Lemma reflect_doub_move X (mu : weight J) j s n : 0 < lc mu ->
  one_point_move X mu (reflect X (Doub j s) n mu) j (zsign s * (kappa_inv X * n)).
Proof.
  intros Hc. unfold one_point_move. simpl. rewrite delta_same.
  split; [reflexivity|]. split; [intros x nx; rewrite delta_other by exact nx; ring|].
  unfold lam_coroot, norm2. rewrite !mult_IZR, IZR_zsign.
  split; destruct X, s; simpl; field; lra.
Qed.

Lemma reflect_pair_move X (mu : weight J) j k s t n : j <> k -> 0 < lc mu ->
  two_point_move X mu (reflect X (Pair j k s t) n mu) j k
    (zsign s * zsign t) (zsign s * (kappa_inv X * n)) (zsign t * (kappa_inv X * n)).
Proof.
  intros jk Hc. assert (kj : k <> j) by auto.
  unfold two_point_move. simpl. rewrite !delta_same, !(delta_other j k), !(delta_other k j) by auto.
  split; [reflexivity|].
  split; [intros x nj nk; rewrite !delta_other by auto; ring|].
  unfold lam_coroot, norm2. rewrite !mult_IZR, !IZR_zsign.
  split; [|split]; destruct X, s, t; simpl; field; lra.
Qed.

End Reflections.

Section Updates.
Context {J : Type}.

Definition upd {A : Type} (f : J -> A) (j : J) (v : A) : J -> A :=
  fun x => if excluded_middle_informative (x = j) then v else f x.

Lemma upd_same {A : Type} (f : J -> A) j v : upd f j v j = v.
Proof. unfold upd. destruct (excluded_middle_informative (j = j)); tauto. Qed.
Lemma upd_other {A : Type} (f : J -> A) j v x : x <> j -> upd f j v x = f x.
Proof. unfold upd. destruct (excluded_middle_informative (x = j)); tauto. Qed.

Definition swap (j k x : J) : J :=
  if excluded_middle_informative (x = j) then k
  else if excluded_middle_informative (x = k) then j else x.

(Activity)
In the listing above, find the line containing "two_point_move X mu" and the line containing "unfold lam_coroot, norm2. rewrite !mult_IZR, !IZR_zsign.", then repeat those two lines and everything between them exactly.

(Exercise output)
  two_point_move X mu (reflect X (Pair j k s t) n mu) j k
    (zsign s * zsign t) (zsign s * (kappa_inv X * n)) (zsign t * (kappa_inv X * n)).
Proof.
  intros jk Hc. assert (kj : k <> j) by auto.
  unfold two_point_move. simpl. rewrite !delta_same, !(delta_other j k), !(delta_other k j) by auto.
  split; [reflexivity|].
  split; [intros x nj nk; rewrite !delta_other by auto; ring|].
  unfold lam_coroot, norm2. rewrite !mult_IZR, !IZR_zsign.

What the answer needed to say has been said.